Liquefied petroleum gas (LPG) is a flammable mixture of hydrocarbon gases, primarily propane (C₃H₈) and butane (C₄H₁₀). It is stored under pressure as a liquid in steel cylinders or tanks, which makes it highly portable. When the pressure is released, the liquid turns back into a gas for use as a fuel.

LPG is generated primarily by natural gas processing and petroleum refineries.

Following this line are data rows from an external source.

Lemma derivationDr c x y : D c (x + y) = D c x + D c y.
Proof. exact: (@lin_mapD K V K^o _ (derivation_linr c)). Qed.

End Derivations.

Section DerivationSpaces.
Variables (K : fieldType) (nrm : K -> R) (V : lmodType K).
Variables (mulV : V -> V -> V) (nV : V -> R).
Hypothesis nrm_triangle : forall a b, Rle (nrm (a + b)) (Rplus (nrm a) (nrm b)).
Hypothesis nV_ge0 : forall x, Rle R0 (nV x).

Lemma derivation_add D1 D2 :
  is_bdd_derivation nrm mulV nV D1 -> is_bdd_derivation nrm mulV nV D2 ->
  is_bdd_derivation nrm mulV nV (fun c z => D1 c z + D2 c z).
Proof.
move=> [D1_lin D1_bdd [M1 HM1] D1_leib] [D2_lin D2_bdd [M2 HM2] D2_leib]; split.
- by move=> a x y z; rewrite D1_lin D2_lin mulrDr addrACA.
- move=> c; have [f1_lin [N1 HN1]] := D1_bdd c; have [f2_lin [N2 HN2]] := D2_bdd c.
  split; first by move=> a x y; rewrite f1_lin f2_lin mulrDr addrACA.
  exists (Rplus (Rmax N1 R0) (Rmax N2 R0)) => x.
  exact: bound_add (nrm_triangle _ _) (HN1 _) (HN2 _) (nV_ge0 _).
- exists (Rplus (Rmax M1 R0) (Rmax M2 R0)) => c z.
  apply: bound_add (nrm_triangle _ _) (HM1 _ _) (HM2 _ _) _.
  exact: Rmult_le_pos.
- by move=> x y z; rewrite D1_leib D2_leib addrACA.
Qed.

Lemma inner_derivation_add D D1 D2 : (forall c z, D c z = D1 c z + D2 c z) ->
  is_inner_derivation nrm mulV nV D1 -> is_inner_derivation nrm mulV nV D2 ->
  is_inner_derivation nrm mulV nV D.
Proof.
move=> D_sum [f1 [[f1_lin [M1 HM1]] D1_inner]] [f2 [[f2_lin [M2 HM2]] D2_inner]].
exists (fun x => f1 x + f2 x); split; first split.
- by move=> a x y; rewrite f1_lin f2_lin mulrDr addrACA.
- exists (Rplus (Rmax M1 R0) (Rmax M2 R0)) => x.
  exact: bound_add (nrm_triangle _ _) (HM1 _) (HM2 _) (nV_ge0 _).
- by move=> c z; rewrite D_sum D1_inner D2_inner opprD addrACA.
Qed.

Lemma inner_derivation_eq0 D : nrm 0 = R0 ->
  (forall c z, D c z = 0) -> is_inner_derivation nrm mulV nV D.
Proof.
move=> nrm0 D_eq0; exists (fun _ => 0); split; first split.
- by move=> a x y; rewrite mulr0 addr0.
- by exists R0 => x; rewrite nrm0 Rmult_0_l; exact: Rle_refl.
- by move=> c z; rewrite D_eq0 subrr.
Qed.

• Natural Gas Processing: About 60-62% of global LPG is extracted from “wet” natural gas streams. When natural gas is brought up from the ground, it contains heavier hydrocarbons (like propane and butane, which make up LPG) that are separated out.
• Petroleum Refining (Crude Oil): The remainder of LPG is produced by refining crude oil. It is collected as a byproduct during the distillation and “cracking” processes that turn crude oil into products like gasoline and jet fuel.

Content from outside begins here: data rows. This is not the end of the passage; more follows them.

Lemma Pmat_row_cv L eta : 0 < eta ->
  exists K2, forall K x, (K2 <= K)%nat -> (x <= L)%nat -> 1 - eta <= sum_f_R0 (P x) K.
Proof.
  intros Heta.
  assert (Hone : forall x, exists Kx, forall K, (Kx <= K)%nat -> 1 - eta <= sum_f_R0 (P x) K).
  { intro x; specialize (Hqpos x).
    destruct (Hq x (eta * q x)) as [Kx HKx]; [apply Rmult_lt_0_compat; lra|].
    exists Kx; intros K HK; specialize (HKx K HK).
    unfold Rdist in HKx; apply Rabs_def2 in HKx.
    rewrite Pmat_partial_row; apply Rmult_le_reg_l with (q x); auto.
    unfold Rdiv; field_simplify; [nra | lra]. }
  induction L as [|L [K1 HK1]].
  - destruct (Hone 0%nat) as [K0 HK0]; exists K0; intros K x HK Hx.
    replace x with 0%nat by lia; auto.
  - destruct (Hone (S L)) as [K2 HK2]; exists (max K1 K2); intros K x HK Hx.
    destruct (Nat.eq_dec x (S L)) as [-> | Hne]; [apply HK2 | apply HK1]; lia.
Qed.


Lemma Eb_mass_approx F N i K1 eta : (forall p, 0 <= F p) -> 0 < eta ->
  exists K2, forall K, (K2 <= K)%nat ->
    (1 - eta) * Eb P F N K1 i <= Eb P (fun p => mass P K p * F p) N K i.
Proof.
  intros HF Heta.
  destruct (Pmat_row_cv (max i K1) eta Heta) as [K2 HK2].
  exists (max K1 K2); intros K HK; rewrite <- Eb_scal.
  apply Rle_trans with (Eb P (fun p => mass P K p * F p) N K1 i).
  - apply Eb_mono; [exact Pmat_nonneg|]; intros xs Hxs; apply Rmult_le_compat_r; auto.
    apply HK2; [lia | apply last_le; auto].
  - apply Eb_monoK; [exact Pmat_nonneg| |lia]; intro p; apply Rmult_le_pos; auto.
    apply cond_pos_sum; intro; apply Pmat_nonneg.
Qed.

Lemma Eb_Cfun_extend N K i :
  Eb P (fun p => mass P K p * Cfun q p) N K i <= Eb P (Cfun q) (S N) K i.
Proof.
  rewrite Eb_snoc; apply Eb_mono; [exact Pmat_nonneg|]; intros xs _.
  unfold mass; rewrite Rmult_comm, scal_sum; apply sum_Rle; intros k _.
  rewrite Cfun_snoc; apply Rmult_le_compat_l; [apply Pmat_nonneg|].
  pose proof (Cfun_ge1 q (i :: xs)); pose proof (Rmax_r (q k) 1); nra.
Qed.

(* One more factor [q(X_{N+1})] raises [Qprod] by at most the increase of
   [Cfun]: pointwise [Qp (q - 1) <= Cp (max(q,1) - 1)]. *)
Lemma Eb_Qprod_extend N K i :
  Eb P (Qprod q) (S N) K i <=
  Eb P (Qprod q) N K i + Eb P (Cfun q) (S N) K i - Eb P (fun p => mass P K p * Cfun q p) N K i.
Proof.
  rewrite !Eb_snoc.
  apply Rle_trans with (Eb P (fun p => mass P K p * Qprod q p +
      (sum_f_R0 (fun k => P (last p 0%nat) k * Cfun q (p ++ [k])) K
       + - (mass P K p * Cfun q p))) N K i).
  - apply Eb_mono; [exact Pmat_nonneg|]; intros xs _; set (p := i :: xs).
    unfold mass; rewrite !(Rmult_comm (sum_f_R0 _ K)), !scal_sum.
    match goal with |- _ <= ?a + (?b + - ?c) => change (a + (b + - c)) with (a + (b - c)) end.
    rewrite <- minus_sum, <- sum_plus; apply sum_Rle; intros k _.
    rewrite Qprod_snoc, Cfun_snoc.
    pose proof (Qprod_le_Cfun q Hqpos p); pose proof (Qprod_nonneg q Hqpos p).
    pose proof (Rmax_l (q k) 1); pose proof (Rmax_r (q k) 1).
    assert (Hpt : Qprod q p * (q k - 1) <= Cfun q p * (Rmax (q k) 1 - 1)) by nra.
    apply (Rmult_le_compat_l (P (last p 0%nat) k)) in Hpt; [lra | apply Pmat_nonneg].
  - rewrite !Eb_plus, Eb_opp.
    assert (Eb P (fun p => mass P K p * Qprod q p) N K i <= Eb P (Qprod q) N K i).
    { apply Eb_mono; [exact Pmat_nonneg|]; intros xs _.
      pose proof (Qprod_nonneg q Hqpos (i :: xs)); pose proof (Pmat_row (last (i :: xs) 0%nat) K).
      pose proof (cond_pos_sum (P (last (i :: xs) 0%nat)) K (Pmat_nonneg _)).
      unfold mass; nra. }
    lra.
Qed.

Section FixedStart.

Variable i : nat.

Lemma Cfun_limit_growing N a a' :
  Un_cv (fun K => Eb P (Cfun q) N K i) a ->
  Un_cv (fun K => Eb P (Cfun q) (S N) K i) a' -> a <= a'.
Proof.
  intros Ha Ha'; apply (cv_le_eventually _ _ _ Ha); exists 0%nat; intros K1 _.
  apply le_of_forall_shrink; [apply Eb_nonneg; [exact Pmat_nonneg | apply Cfun_nonneg]|].
  intros eta Heta.
  destruct (Eb_mass_approx (Cfun q) N i K1 eta (Cfun_nonneg q) Heta) as [K2 HK2].
  apply (cv_ge_eventually _ _ _ Ha'); exists K2; intros K HK.
  eapply Rle_trans; [apply (HK2 K HK) | apply Eb_Cfun_extend].
Qed.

LPG desulfurization is the process of removing sulfur-containing compounds, such as hydrogen sulfide (H₂S) and mercaptans, from liquefied petroleum gas. This is a critical step in the refining process to ensure the final product is safe, non-corrosive, and environmentally friendly. The process is also known as "LPG sweetening," as it removes the sour, corrosive impurities to create a cleaner, "sweet" fuel.

Sulfur compounds, especially H₂S, are highly corrosive and can damage refinery equipment, storage tanks, and transportation pipelines. Removing these corrosive compounds prevents damage and extends the lifespan of the equipment. Additionally, when LPG containing sulfur compounds (like hydrogen sulfide (H₂S) or mercaptans) is burned, the sulfur is converted into sulfur dioxide (SO₂) and other sulfur oxides (SOx). SO₂ is a major air pollutant that can cause respiratory problems, aggravate conditions like asthma, and contribute to the formation of acid rain and particulate matter (haze), harming ecosystems and human health. Removing sulfur reduces these harmful emissions. Lastly, sulfur compounds, especially mercaptans, have strong and unpleasant odors. While some sulfur is intentionally added as an odorant for safety (to easily detect leaks), excessive amounts can make the fuel objectionable or fail quality standards.

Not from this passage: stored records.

(* Let $C$ be a maximal cap in $AG(4,3)$ with anchor point $a$. Then $C$ is the union of $10$ $a$-lines, and every point $p \in AG(4,3)\setminus (C\cup\{a\})$ completes exactly three lines with pairs of points of $C$.
   Context: $AG(4,3)$ is the affine space $\mathbb{F}_3^4$; a line is a set of three distinct points $\{x,y,z\}$ with $x+y+z=0$. A cap is a set of points containing no line; a maximal cap is a cap of largest possible size (in $AG(4,3)$ this size is $20$). Every maximal cap $C$ in $AG(4,3)$ has a unique anchor point $a\notin C$ such that $C$ is a union of pairs $\{b,c\}$ with $\{a,b,c\}$ a line. For a point $a$, an $a$-line is a pair of points $\{b,c\}$ such that $\{a,b,c\}$ is a line. For a set $S$ and a point $p\notin S$, $p$ completes a line with a pair of points of $S$ if there are distinct $x,y\in S$ with $\{p,x,y\}$ a line; the number of lines $p$ completes with $S$ is the number of such unordered pairs $\{x,y\}$. *)

From HB Require Import structures.
From mathcomp Require Import all_boot all_order all_algebra all_fingroup.
Set Implicit Arguments. Unset Strict Implicit. Unset Printing Implicit Defensive.
Import GRing.Theory.
Local Open Scope ring_scope.

Definition point := 'rV['F_3]_4.

Definition is_line (x y z : point) : bool :=
  [&& x != y, y != z, x != z & x + y + z == 0].

Definition cap (C : {set point}) : bool :=
  [forall x in C, forall y in C, forall z in C, ~~ is_line x y z].

Definition maximal_cap (C : {set point}) : Prop :=
  cap C /\ forall D : {set point}, cap D -> (#|D| <= #|C|)%N.

Definition aline (a : point) (L : {set point}) : bool :=
  [exists b, exists c, (L == [set b; c]) && is_line a b c].

Definition alines_in (a : point) (C : {set point}) : {set {set point}} :=
  [set L | aline a L && (L \subset C)].

Definition anchor (a : point) (C : {set point}) : Prop :=
  a \notin C /\ C = \bigcup_(L in alines_in a C) L.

• Amine and Caustic Scrubbing (Extraction) is a wet method primarily used to remove inorganic sulfur compounds, like H₂S, and light organic sulfur compounds, like mercaptans (RSH). In Amine Sweetening for H₂S, LPG is contacted with an aqueous solution of an alkanolamine (like Methyl Diethanolamine, or MDEA). The amine chemically reacts with and adsorbs the acidic H₂S, removing it from the LPG. The rich amine solution is then regenerated by heat to release the H₂S for disposal or further processing (like conversion to elemental sulfur).

Caustic/Alkali Washing for Mercaptans and H₂S involves contacting the LPG with an alkaline solution, typically sodium hydroxide (caustic soda), which reacts with mercaptans to form water-soluble sodium mercaptides. This is a highly effective conventional method for removing lighter mercaptans.

• Mercaptan Oxidation (Sweetening) is often a proprietary method (like Merox) converts the odorous and corrosive mercaptans into less objectionable sulfur compounds called disulfides (RSSR). The LPG stream is washed with a caustic soda (sodium hydroxide, NaOH) solution to extract the mercaptans. A catalyst is then used to oxidize the extracted mercaptans into disulfide oils, which are then separated from the caustic solution, allowing the caustic to be reused. The resulting disulfides are much less corrosive, less odorous, and typically remain dissolved in the LPG product, though they still contribute to the total sulfur content. This method is often sufficient for meeting “copper strip corrosion” specifications.
• Adsorption is a dry method that uses solid materials to physically or chemically trap sulfur compounds. The LPG stream is passed through a fixed bed of solid adsorbent materials and is highly effective for deep desulfurization (achieving a very low parts per million or even parts per billion levels). Adsorption can often remove multiple contaminants simultaneously. The sulfur compounds are trapped on the surface of the sorbent. For example, SulfaTrap^TM-R5P series sorbents specifically remove mercaptans for COS removal. SulfaTrap^TM-R8 series sorbents remove di-sulfides, oxygenates and BTX. The sorbent can be periodically regenerated by heating, which releases the adsorbed sulfur compounds.